Sometimes you can have this museum to yourself. Ton Duc Thang was Ho Chi Minh's successor as president of Vietnam. He died in office 1980. There are many photos and displays that illustrate his role in the Vietnamese Revolution, including his time spent imprisoned on Con Dao Island.
Not essential viewing but if you need a break from the heat it's only 10,000 dong. Open 8-11 am and 2-6 pm Tuesday to Saturday
5 Ton Duc Thang
A Hiu Quan supposed to be the chinese assembly hall but this one there are actually worshiping a few Gods. The pagoda is near a school so if you visit there at the time the student finished school, you will have trouble getting in or walking out from the pagoda.
This is the main backpacker area. If you are staying outside of Pham Ngu Lao, no harm strolling in to have a look at this buzzing place, with its many cafes, internet shops, souvenir and craft outlets, tour agencies, restaurants and shops and peddlars selling pirated DVDs and books and a place crawling with backpackers from all nations.

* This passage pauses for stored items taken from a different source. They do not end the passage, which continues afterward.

Lemma expansion_minimal_truncated k :
  exists S, expansion S /\ forall w, w \in S <-> minimal (truncated k) w.
Proof.
elim: k => [|k [S [HS Hm]]].
  exists [seq (e, [::]) | e <- enum E0]; split; first exact: exp0.
  move=> w; split; first by move/mapP => [e _ ->]; split; [right | move=> j].
  move=> [_ Hmin]; apply/mapP; exists w.1; rewrite ?mem_enum //.
  case: w Hmin => e [|z s] Hmin //=.
  by case: (Hmin 0) => //; right.
have [Bad0 HBad0] := exists_filter (fun w => ~ P w) S.
pose Bad := undup Bad0.
have HBad w : w \in Bad <-> w \in S /\ ~ P w by rewrite mem_undup.
have Hall w : w \in Bad -> w \in S /\ size w.2 = k.
  by move=> /HBad [H1 H2]; split => //; apply: minimal_truncated_size => //; exact/Hm.
have [S' [HS' Hm']] := expansion_split_all HS (undup_uniq Bad0) Hall.
exists S'; split => // v; rewrite Hm' minimal_truncatedS; split.
  case => [[H1 H2]|[w [z [/HBad [H1 H2] ->]]]].
    left; split; first exact/Hm.
    by apply: NNPP => HnP; move/negP: H2; apply; apply/HBad.
  by right; exists w, z; split => //; split => //; exact/Hm.
case => [[H1 H2]|[w [z [[H1 H2] ->]]]].
  by left; split; [exact/Hm | apply/negP => /HBad []].
by right; exists w, z; split => //; apply/HBad; split => //; exact/Hm.
Qed.

Lemma expansion_minimal k : (forall w, k <= size w.2 -> P w) ->
  exists S, expansion S /\ forall w, w \in S <-> minimal P w.
Proof.
move=> Hk; have [S [HS Hm]] := expansion_minimal_truncated k.
exists S; split => // w; rewrite Hm /minimal /truncated.
have E v : P v \/ k <= size v.2 <-> P v by split => [[|/Hk]|] //; left.
by split => -[H1 H2]; split => [|j Hj /E]; try exact/E; apply: H2.
Qed.
End MinimalWords.

Section Expanding.
Variable RS : repl_system.
Hypothesis Hexp : expanding RS.
Local Notation E0 := (gE (G0 RS)).
Local Notation V0 := (gV (G0 RS)).
Local Notation ER := (gE (Rg RS)).
Local Notation VR := (gV (Rg RS)).
Local Notation wrd := (word RS).
Local Notation ep := (@ep RS).
Local Notation Om := (Omega RS).
Local Notation role := (@role RS).

Lemma ini_neq_ter : ini RS <> ter RS.
Proof. by case: Hexp. Qed.

Lemma no_ini_ter_edge z : ~ (endR z false = ini RS /\ endR z true = ter RS) /\
                          ~ (endR z false = ter RS /\ endR z true = ini RS).
Proof. by case: Hexp => _ [_ [_ [/(_ z) H _]]]. Qed.

Lemma endRP (v : VR) : exists z b, endR z b = v.
Proof.
by case: Hexp => _ [_ [/(_ v) [z [Hz|Hz]] _]]; [exists z, false | exists z, true].
Qed.

Lemma ep_G0P (v : V0) : exists e b, ep (e, [::]) b = inl v.
Proof.
by case: Hexp => _ [/(_ v) [e [He|He]] _]; [exists e, false | exists e, true];
  rewrite -He.
Qed.

Lemma interior_vertex : exists m : VR, m <> ini RS /\ m <> ter RS.
Proof.
case: Hexp => _ [_ [_ [_ [/card_gt2P [a [b [d [_ [/eqP Hab /eqP Hbd /eqP Hda]]]]] _]]]].
case: (classic (a = ini RS \/ a = ter RS)) => Ha; last first.
  by exists a; split => E; apply: Ha; [left | right].
case: (classic (b = ini RS \/ b = ter RS)) => Hb; last first.
  by exists b; split => E; apply: Hb; [left | right].
exists d; split => E; subst d;
  by case: Ha => Ha; case: Hb => Hb; subst; try done; apply: ini_neq_ter.
Qed.

Lemma two_edges : exists y1 y2 : ER, y1 <> y2.
Proof.
case: Hexp => _ [_ [_ [_ [_ /card_gt1P [a [b [_ _ Hab]]]]]]].
by exists a, b; apply/eqP.
Qed.

(* No edge of R joins the initial and the terminal vertex. *)
Lemma role_touch z q q' s s' : endR z q = role s -> endR z q' = role s' -> s = s'.
Proof.
have [Ha Hb] := no_ini_ter_edge z; have Hit := ini_neq_ter.
case: s; case: s'; case: q; case: q' => //= H1 H2; exfalso;
  by [apply: Hit; rewrite -H1 -H2 | apply: Ha | apply: Hb].
Qed.

Lemma child_ep_attached w z x x' : (exists s, endR z x = role s) ->
  (exists s', endR z x' = role s') -> child_ep w z x = child_ep w z x'.
Proof.
move=> [s Hs] [s' Hs'].
by rewrite /child_ep Hs Hs' (role_touch Hs Hs').
Qed.

(* If [a] and [b] differ at level [n], their endpoints shared at level [n+1]
   are inherited from level [n], and likewise for [b] and [c]; as no edge of R
   joins its initial and terminal vertices, the two inherited endpoints of
   [b]'s edge are the same. *)
Lemma sim_trans (a b c : Om) : sim a b -> sim b c -> sim a c.
Proof.
move=> Hab Hbc n.
case: (classic (pref a n = pref b n)) => [-> | Eab]; first exact: Hbc.
case: (classic (pref b n = pref c n)) => [<- | Ebc]; first exact: Hab.
have [x1 [x2 Hx]] := Hab n.+1; rewrite !pref_S in Hx.
have [y1 [y2 Hy]] := Hbc n.+1; rewrite !pref_S in Hy.
have Hs (u v : Om) : size (pref u n).2 = size (pref v n).2 by rewrite !size_pref.
have [_ [a1 Ea]] := shared_child_ep (Hs _ _) Eab Hx.
have [Hzx _] := shared_child_ep (Hs _ _) (nesym Eab) (esym Hx).
have [Hzy _] := shared_child_ep (Hs _ _) Ebc Hy.
have [_ [c2 Ec]] := shared_child_ep (Hs _ _) (nesym Ebc) (esym Hy).
exists a1, c2; rewrite -Ea Hx -Ec -Hy !ep_ext1.
exact: child_ep_attached.
Qed.

Lemma proj_eqP (om om' : Om) : proj om = proj om' <-> sim om om'.
Proof.
split; first exact: proj_eq_sim.
move=> H; rewrite /proj; move: (ex_intro _ om _) (ex_intro _ om' _).
suff -> : cls om = cls om' by move=> p1 p2; rewrite (proof_irrelevance _ p1 p2).
apply: functional_extensionality => x; apply: propositional_extensionality.
by split => Hx; [exact: sim_trans (sim_sym H) Hx | exact: sim_trans H Hx].
Qed.

Definition young (K : nat) (v : vtx RS) := exists p u, v = inr (p, u) /\ K <= size p.2.

Lemma young_child w z b K : K <= size w.2 -> (forall b', young K (ep w b')) ->
  young K (ep (ext w [:: z]) b).
Proof.
move=> Hw Hy; rewrite ep_ext1.
by case: (child_epP w z b) => [[_ ->]|[_ ->]|[_ _ ->]] //; exists w, (endR z b).
Qed.
Theorem lemma4p9 (b : nat) (hb : (0 < b)%N)
  (a1 l1 : nat) (ha1 : (0 < a1)%N)
  (n : nat) (a l : 'I_n -> nat) (ha : forall i, (0 < a i)%N) :
  exists m : nat,
  forall c : ('I_l1 * 'I_m) * {ffun 'I_a1 + ('I_l1 * 'I_m) -> option 'I_a1} ->
             (forall i : 'I_n, {ffun 'I_(a i) + ('I_(l i) * 'I_m) -> 'I_(a i)}) -> 'I_b,
  exists (p1 : {ffun 'I_a1 + ('I_l1 * 'I_m) -> 'I_a1 + 'I_l1})
         (p : forall i : 'I_n, {ffun 'I_(a i) + ('I_(l i) * 'I_m) -> 'I_(a i) + 'I_(l i)}),
    propP p1 /\ (forall i, propP (p i)) /\
    forall x : 'I_l1, exists k : 'I_b,
    forall y0 : 'I_l1 * 'I_m, is_min_preimage p1 x y0 ->
    forall r1 : {ffun 'I_a1 + 'I_l1 -> option 'I_a1}, sealed_L x r1 ->
    forall r : (forall i : 'I_n, {ffun 'I_(a i) + 'I_(l i) -> 'I_(a i)}),
      (forall i, rigid (r i)) ->
      c (y0, trunc y0 (fun z => r1 (p1 z))) (fun i => [ffun z => r i (p i z)]) = k.
Proof.
pose u0 : 'I_a1 := Ordinal ha1.
pose rho0 : {dffun forall i, {ffun 'I_(l i) -> 'I_(a i)}} :=
  [ffun i => [ffun _ => Ordinal (ha i)]].
have [m Hm] := iterated_hales_jewett (u0, rho0) l1.+1 'I_b unit.
exists m => c; pose k0 : 'I_b := Ordinal hb.
have [v [var_v Hv]] := Hm _ (fun _ => tt) (row_color_local c k0).
pose p1 := vword_proj (fun y => v (lift ord0 y)) (fun _ q => q.1).
pose p i := vword_proj (fun _ => v ord0) (fun y q => q.2 i y).
exists p1, p; split; first exact: vword_proj_propP.
split; first by move=> i; apply: vword_proj_propP.
move=> x; exists (row_color c k0 (lift ord0 x) (v (lift ord0 x))
                               (substs v (fun _ => (u0, rho0)))).
move=> [y j] /vword_proj_min_preimage [{y}-> j_first] r1 r1_sealed r r_rigid.
pose alpha t := if unlift ord0 t is Some y then (odflt u0 (r1 (inr y)), rho0)
                else (u0, [ffun i => [ffun y => r i (inr y)]]).
have [_ <-] := Hv alpha (fun _ => (u0, rho0)).
rewrite /row_color liftK; case: pickP => [j' /first_var_uniq /(_ j_first) ->|]; last first.
  by move=> /(_ j); rewrite j_first.
have r1_alpha (z : 'I_l1) : z < x -> r1 (inr z) = Some (alpha (lift ord0 z)).1.
  case: r1_sealed => _ [_ r1lt] lt_zx; rewrite /alpha liftK /=.
  by case E: (r1 (inr z)) => //; have := r1lt z lt_zx E.
rewrite (sealed_row_subst j (fun y => v (lift ord0 y)) r1_sealed r1_alpha).
by rewrite /substs /alpha unlift_none rigid_row_subst.
Qed.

My Cyclo driver took me here. I am not so sure that it is such a good idea now with the Avian Flu going strong in Vietnam, but then it was really fun to see so many chicken cackling away in one spot. It is within Cholon, the traditional Chinese area in HCMC and you shouldn't miss it - you can smell chicken poo from miles away.

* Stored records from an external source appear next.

(* Let $V$ be a finite-dimensional complex vector space with a Hermitian inner product and norm $\|\cdot\|$, let $\mathbf G$ be a finite group of unitary transformations of $V$, let $\mathbf x_0\in V$ with $\|\mathbf x_0\|=1$, fix a subgroup sequence $\{I\}=\mathbf G_0<\mathbf G_1<\cdots<\mathbf G_m=\mathbf G$ and coset leader sets $\operatorname{CL}(\mathbf G_k/\mathbf G_{k-1})$, $1\le k\le m$. If every set $\operatorname{CL}(\mathbf G_k/\mathbf G_{k-1})$ is greed compatible, then the subgroup decoding algorithm decodes robustly (and thus also correctly with some noise).
   Context: $S=\operatorname{Stab}_{\mathbf G}(\mathbf x_0)$; for a subgroup $H$, $\operatorname{Stab}_H(\mathbf x_0)=H\cap S$. Codewords are $g^{-1}\mathbf x_0$, $g\in\mathbf G$. $\operatorname{CL}(\mathbf G_k/\mathbf G_{k-1})$ is a set of representatives of the left cosets of $\mathbf G_{k-1}$ in $\mathbf G_k$ containing $I$. Subgroup decoding algorithm: given $\mathbf r\in V$, set $\mathbf r_0=\mathbf r$; for $k=1,\dots,m$ choose $d_k\in\operatorname{CL}(\mathbf G_k/\mathbf G_{k-1})$ minimizing $\|a\mathbf r_{k-1}-\mathbf x_0\|$ over $a\in\operatorname{CL}(\mathbf G_k/\mathbf G_{k-1})$ (ties broken by a fixed ordering), set $\mathbf r_k=d_k\mathbf r_{k-1}$; output $g'=d_m\cdots d_1$. It decodes robustly if for every $g\in\mathbf G$ and $\mathbf r\in V$ with $\|\mathbf r-g^{-1}\mathbf x_0\|<\|\mathbf r-h^{-1}\mathbf x_0\|$ for all $h\notin Sg$, the output lies in $Sg$. It decodes correctly with some noise if there is $\delta>0$ such that $\|\mathbf r-g^{-1}\mathbf x_0\|<\delta$ implies the output lies in $Sg$. Fundamental region of a subgroup $H$: $\operatorname{FR}(H)=\{\mathbf x:\|\mathbf x-\mathbf x_0\|<\|h\mathbf x-\mathbf x_0\|\ \forall h\in H\setminus\operatorname{Stab}_H(\mathbf x_0)\}$. For subgroups $H\le K$, a set $\operatorname{CL}$ of left coset representatives of $H$ in $K$ is greed compatible if for every $\mathbf x\in\operatorname{FR}(H)$ there is $c\in\operatorname{CL}$ with $c\mathbf x\in\operatorname{FR}(K)$. *)

From HB Require Import structures.
From mathcomp Require Import all_boot all_order all_algebra all_fingroup.
Set Implicit Arguments. Unset Strict Implicit. Unset Printing Implicit Defensive.
Import Order.TTheory GRing.Theory Num.Theory.
Local Open Scope ring_scope.

Section Decoding.
Variable C : numClosedFieldType.
Variable n : nat.
Local Notation V := 'cV[C]_n.

Definition vnorm (x : V) : C := sqrtC (\sum_i `|x i 0| ^+ 2).

Definition adjmx (A : 'M[C]_n) : 'M[C]_n := (map_mx Num.conj A)^T.
Definition unitary (A : 'M[C]_n) : Prop := adjmx A *m A = 1%:M.

Variable gT : finGroupType.
Variable rho : gT -> 'M[C]_n.   (* the group elements act as unitary matrices *)
Variable x0 : V.

Definition Stab (G : {set gT}) : {set gT} := [set g in G | rho g *m x0 == x0].

Definition FR (G H : {set gT}) (x : V) : Prop :=
  forall h, h \in H -> h \notin (H :&: Stab G) ->
    vnorm (x - x0) < vnorm (rho h *m x - x0).

(* CL is a set of representatives of the left cosets of H in K containing 1
   (as a list, whose order is the fixed tie-breaking order). *)
Definition is_coset_leaders (H K : {set gT}) (CL : seq gT) : Prop :=
  [/\ {subset CL <= K}, (1%g \in CL) &
      forall x, x \in K -> count (fun c => c \in (x *: H)%g) CL = 1%N].

Definition greed_compatible (G H K : {set gT}) (CL : seq gT) : Prop :=
  forall x, FR G H x -> exists2 c, c \in CL & FR G K (rho c *m x).

Definition argmin_first (f : gT -> C) (s : seq gT) : gT :=
  match s with
  | [::] => 1%g
  | a :: s' => foldl (fun b c => if f c < f b then c else b) a s'
  end.

Definition decode (m : nat) (CL : nat -> seq gT) (r : V) : gT :=
  (foldl (fun (p : V * gT) k =>
            let d := argmin_first (fun a => vnorm (rho a *m p.1 - x0)) (CL k) in
            (rho d *m p.1, (d * p.2)%g))
         (r, 1%g) (iota 1 m)).2.

Definition decodes_robustly (G : {set gT}) (m : nat) (CL : nat -> seq gT) : Prop :=
  forall g r, g \in G ->
    (forall h, h \in G -> h \notin (Stab G :* g)%g ->
       vnorm (r - rho (g^-1)%g *m x0) < vnorm (r - rho (h^-1)%g *m x0)) ->
    decode m CL r \in (Stab G :* g)%g.

Definition decodes_with_noise (G : {set gT}) (m : nat) (CL : nat -> seq gT) : Prop :=
  exists2 delta : C, 0 < delta &
    forall g r, g \in G -> vnorm (r - rho (g^-1)%g *m x0) < delta ->
      decode m CL r \in (Stab G :* g)%g.

End Decoding.

(* Greed compatibility makes every stage of the decoder keep the current
   word r_k in the fundamental region FR(G_k): if some leader c moves it into
   FR(G_k), the greedy leader d does no worse, which forces d c^-1 into the
   stabilizer of x0, and stabilizer elements map FR(G_k) to itself.  After m
   stages r_m = g' r lies in FR(G), i.e. x0 is the unique closest codeword to
   r_m, so g' is the decoded group element up to the stabilizer.  Correct
   decoding with noise follows from robustness since distinct codewords are
   separated by a positive distance in some coordinate. *)
From HB Require Import structures.
From mathcomp Require Import all_boot all_order all_algebra all_fingroup.
Import Order.TTheory GRing.Theory Num.Theory.
Local Open Scope ring_scope.
Set Implicit Arguments. Unset Strict Implicit.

Experience a piece of everyday life by visiting the wet markets - Ben Thanh and Thai Binh for examples. You don't see this in the West. This is where folks get their groceries - fresh meat, seafood, fruits, vegetables and breakfast! Watch the ritual of the morning unfold before your eyes with cries of sales, stalls hawking weird and exciting food items and smell the aroma of the place, as long as you do not mind the chaos, the dirty water and the jostling crowd of ladies/mothers going about their shopping!

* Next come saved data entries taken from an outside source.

Lemma crosses_iff_dual_edge (u v : V) (e : DEdge) : adjG u v -> dedge_valid e ->
  (crosses e u v <-> e = dual_edge u v).
Proof.
  destruct u as [a b]; intros Hadj Hv.
  destruct (adjG_cases a b v Hadj) as [-> | [-> | [-> | ->]]];
    rewrite ?dual_edge_up, ?dual_edge_down, ?dual_edge_right, ?dual_edge_left;
    unfold dual_vertical, dual_horizontal;
    destruct e as [p q | p q]; simpl in Hv |- *;
    match goal with |- context [Z.even ?z] => destruct (Z.even z) eqn:E end;
    split; intros H;
    try (destruct H as (H1 & H2 & H3)); try discriminate;
    try (injection H; intros; subst);
    destruct_parity; try (exfalso; lia); try (f_equal; lia); repeat split; lia.
Qed.

(* A discrete Poincare lemma over Z/2 with compact support: [h a b] and [v a b] weigh
   the G-edges from [(a, b)] to the right and upwards. *)
Section Potential.
Variables (h v : Z -> Z -> bool) (K : Z).
Hypothesis h_support : forall a b, K < Z.abs a \/ K < Z.abs b -> h a b = false.
Hypothesis v_support : forall a b, K < Z.abs a \/ K < Z.abs b -> v a b = false.
Hypothesis curl_free :
  forall a b, xorb (xorb (h a b) (h a (b + 1))) (xorb (v a b) (v (a + 1) b)) = false.

Fixpoint row_xor (n : nat) (a b : Z) : bool :=
  match n with O => false | S n => xorb (h a b) (row_xor n (a + 1) b) end.

Definition potential (a b : Z) : bool := row_xor (Z.to_nat (K + 1 - a)) a b.

Lemma potential_step_h (a b : Z) : potential a b = xorb (h a b) (potential (a + 1) b).
Proof.
  unfold potential; destruct (Z_lt_le_dec K a).
  - rewrite h_support by lia.
    replace (Z.to_nat (K + 1 - a)) with 0%nat by lia.
    replace (Z.to_nat (K + 1 - (a + 1))) with 0%nat by lia. reflexivity.
  - replace (Z.to_nat (K + 1 - a)) with (S (Z.to_nat (K + 1 - (a + 1)))) by lia.
    reflexivity.
Qed.

Lemma potential_step_v (a b : Z) : xorb (potential a b) (potential a (b + 1)) = v a b.
Proof.
  remember (Z.to_nat (K + 1 - a)) as n eqn:En; revert a En.
  induction n as [|n IH]; intros a En.
  - unfold potential; rewrite <- En, v_support by lia. reflexivity.
  - rewrite (potential_step_h a b), (potential_step_h a (b + 1)).
    pose proof (IH (a + 1) ltac:(lia)) as Hright.
    pose proof (curl_free a b) as Hcurl.
    destruct (h a b), (h a (b + 1)), (v a b), (v (a + 1) b),
      (potential (a + 1) b), (potential (a + 1) (b + 1)); simpl in *; congruence.
Qed.

Lemma potential_outside (a b : Z) : K < Z.abs a \/ K < Z.abs b -> potential a b = false.
Proof.
  assert (Hrow : forall n a b, K < Z.abs b -> row_xor n a b = false).
  { induction n as [|n IH]; intros a' b' Hb; simpl; auto.
    rewrite h_support, IH by lia. reflexivity. }
  intros Hout.
  destruct (Z_lt_le_dec K (Z.abs b)) as [Hb | Hb]; [apply Hrow; exact Hb |].
  destruct (Z_lt_le_dec K a) as [Ha | Ha].
  { unfold potential; replace (Z.to_nat (K + 1 - a)) with 0%nat by lia. reflexivity. }
  (* Left of the support, [v] vanishes, so the potential is constant up each column. *)
  assert (Hcol : forall n, potential a b = potential a (b + Z.of_nat n)).
  { induction n as [|n IH]; [rewrite Z.add_0_r; reflexivity |].
    pose proof (potential_step_v a (b + Z.of_nat n)) as Hstep.
    rewrite v_support in Hstep by lia.
    rewrite Nat2Z.inj_succ, <- Z.add_1_r, Z.add_assoc, IH.
    destruct (potential a (b + Z.of_nat n)), (potential a (b + Z.of_nat n + 1));
      simpl in *; congruence. }
  rewrite (Hcol (Z.to_nat (K + 1 - b))). apply Hrow. lia.
Qed.

End Potential.

Ltac by_allowed_patterns HA :=
  unfold allowed in HA; repeat destruct HA as [HA | HA]; injection HA;
  intros E1 E2 E3 E4; rewrite ?E1, ?E2, ?E3, ?E4; reflexivity.

Lemma black_left_of_white (a b : Z) : Z.even (a + b) = false -> black (a - 1) b.
Proof. intros E; unfold black; destruct_parity; apply Z.even_spec; exists x; lia. Qed.

Lemma black_below_of_white (a b : Z) : Z.even (a + b) = false -> black a (b - 1).
Proof. intros E; unfold black; destruct_parity; apply Z.even_spec; exists x; lia. Qed.

Section Phi.
Variable w : config.
Hypothesis Hw : Omega w.

Lemma phi_dual_vertical (a b : Z) :
  phi w (dual_vertical a b) = xorb (w (a, b)) (w (a, b + 1)).
Proof.
  unfold dual_vertical; destruct (Z.even (a + b)) eqn:E; simpl; unfold hsplit.
  - pose proof (Hw a b E) as HA; by_allowed_patterns HA.
  - pose proof (Hw _ _ (black_left_of_white a b E)) as HA.
    rewrite Z.sub_add in HA |- *; by_allowed_patterns HA.
Qed.

Lemma phi_dual_horizontal (a b : Z) :
  phi w (dual_horizontal a b) = xorb (w (a, b)) (w (a + 1, b)).
Proof.
  unfold dual_horizontal; destruct (Z.even (a + b)) eqn:E; simpl; unfold vsplit;
    rewrite Z.add_simpl_r.
  - rewrite Z.sub_add; pose proof (Hw a b E) as HA; by_allowed_patterns HA.
  - replace (b - 2 + 1) with (b - 1) by ring.
    pose proof (Hw _ _ (black_below_of_white a b E)) as HA.
    rewrite Z.sub_add in HA |- *; by_allowed_patterns HA.
Qed.

Lemma phi_dual_edge (u v : V) : adjG u v -> phi w (dual_edge u v) = xorb (w u) (w v).
Proof.
  destruct u as [a b]; intros Hadj.
  destruct (adjG_cases a b v Hadj) as [-> | [-> | [-> | ->]]].
  - rewrite dual_edge_up; apply phi_dual_vertical.
  - rewrite dual_edge_down, phi_dual_vertical, Z.sub_add; apply xorb_comm.
  - rewrite dual_edge_right; apply phi_dual_horizontal.
  - rewrite dual_edge_left, phi_dual_horizontal, Z.sub_add; apply xorb_comm.
Qed.

Lemma present_dual_edge (u v : V) : present w (dual_edge u v) <-> phi w (dual_edge u v) = true.
Proof. unfold present; pose proof (dual_edge_valid u v); tauto. Qed.

Lemma asbool_present_dual_edge (u v : V) : adjG u v ->
  asbool (present w (dual_edge u v)) = xorb (w u) (w v).
Proof.
  intros Hadj; rewrite (asbool_iff _ _ (present_dual_edge u v)), asbool_eq_true.
  apply phi_dual_edge; exact Hadj.
Qed.

End Phi.

Lemma list_upper_bound {A : Type} (f : A -> Z) (L : list A) :
  exists M, forall x, In x L -> f x <= M.
Proof.
  induction L as [|y L [M HM]]; [exists 0; intros _ [] |].
  exists (Z.max (f y) M); intros x [<- | Hx]; [lia | specialize (HM x Hx); lia].
Qed.

Definition dedge_size (e : DEdge) : Z :=
  match e with DH p q | DV p q => Z.abs p + Z.abs q end.

Lemma even_add_one (z : Z) : Z.even (z + 1) = negb (Z.even z).
Proof. rewrite Z.add_1_r, Z.even_succ, <- Z.negb_even. reflexivity. Qed.

Lemma dual_horizontal_black_face (a b : Z) : Z.even (a + b) = true ->
  dual_horizontal a (b + 1) = dual_horizontal a b.
Proof.
  intros E; unfold dual_horizontal.
  rewrite Z.add_assoc, even_add_one, E; simpl. f_equal; ring.
Qed.

Lemma dual_vertical_black_face (a b : Z) : Z.even (a + b) = true ->
  dual_vertical (a + 1) b = dual_vertical a b.
Proof.
  intros E; unfold dual_vertical.
  rewrite <- Z.add_assoc, (Z.add_comm 1), Z.add_assoc, even_add_one, E; simpl. f_equal; ring.
Qed.

(* The centre of a white face is the dual vertex encoded by [(a + 1, b)]. *)
Lemma white_face_star (a b : Z) : Z.even (a + b) = false ->
  In (a + 1, b) (endpoints (dual_horizontal a b)) /\
  In (a + 1, b) (endpoints (dual_horizontal a (b + 1))) /\
  In (a + 1, b) (endpoints (dual_vertical a b)) /\
  In (a + 1, b) (endpoints (dual_vertical (a + 1) b)).
Proof.
  intros E; unfold dual_horizontal, dual_vertical.
  rewrite Z.add_assoc, <- (Z.add_assoc a 1 b), (Z.add_comm 1 b), Z.add_assoc,
    even_add_one, E; simpl.
  repeat split; [right; left | left | right; left | left]; f_equal; ring.
Qed.

Lemma xorb4_of_agree (c1 c2 c3 c4 p1 p2 p3 p4 : bool) :
  (c1 || c2 || c3 || c4 = true -> c1 = p1 /\ c2 = p2 /\ c3 = p3 /\ c4 = p4) ->
  xorb (xorb p1 p2) (xorb p3 p4) = false -> xorb (xorb c1 c2) (xorb c3 c4) = false.
Proof.
  destruct c1, c2, c3, c4; intros Hagree Hp; auto;
    destruct (Hagree eq_refl) as (<- & <- & <- & <-); exact Hp.
Qed.

Section ClosedEdgeSet.
Variable w : config.
Hypothesis Hw : Omega w.
Variable C : DEdge -> Prop.
Hypothesis C_present : forall e, C e -> present w e.
Hypothesis C_closed : forall e f, C e -> present w f -> share_endpoint e f -> C f.
Hypothesis C_finite : exists L, forall e, C e -> In e L.

Lemma C_star_eq_present (z : V) (e f : DEdge) :
  In z (endpoints e) -> In z (endpoints f) -> C e ->
  asbool (C f) = asbool (present w f).
Proof.
  intros He Hf HCe; apply asbool_iff; split; [apply C_present |].
  intros Hpf; apply (C_closed e f HCe Hpf); exists z; split; assumption.
Qed.

Lemma present_around_square (a b : Z) :
  xorb (xorb (asbool (present w (dual_horizontal a b)))
             (asbool (present w (dual_horizontal a (b + 1)))))
       (xorb (asbool (present w (dual_vertical a b)))
             (asbool (present w (dual_vertical (a + 1) b)))) = false.
Proof.
  rewrite <- dual_edge_right, <- (dual_edge_right a (b + 1)), <- dual_edge_up,
    <- (dual_edge_up (a + 1) b), !asbool_present_dual_edge by (exact Hw || (red; simpl; lia)).
  destruct (w (a, b)), (w (a + 1, b)), (w (a, b + 1)), (w (a + 1, b + 1)); reflexivity.
Qed.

My cyclo driver took me here. This is the part of HCMC that the Vietnamese government does not want you to see. Hidden away at the local quarters, the Black River (and it is REALLY black) slums are a depressing sight to behold. This is a first for me, coming so close to one, and I must say, I am a little taken aback by the living conditions. People are actually living on those boats in those brackish smelly waters. This is real culture shock and really makes you appreciate the comforts you have. I took a reality check.
Yes, dog meat! Dog meat has been a staple for the Viets for thousands of years. (Before you start campaigning the Viets to stop eating dog, try convincing your folks back home to stop eating cow. They are both just as cruel) Get chummy with a Cyclo driver and he will most likely bring you to the haunts. Today, many of HCMC's dog meat stalls have been "exiled" to the local quarters of the City, hidden away from the eyesight of tsk-ing Westerners. Which honestly, is a shame!
A fruit quite indigenous to Indochina, it's a green "hardy" looking fruit (kinda resembling a round guava or green apple) but when fully ripe, the flesh is soft, very sweet, tasting like condensed milk, and with the texture of chiku (sapodilla) and soursop (guanabana). It's quite a delight! Folks either sliced it as you would an orange or simply cut an opening and scoop out the content (kinda like how you would eat a grapefruit).
Note: The fruit should be in season during December and you should be able to see it in most fruit stalls/shops.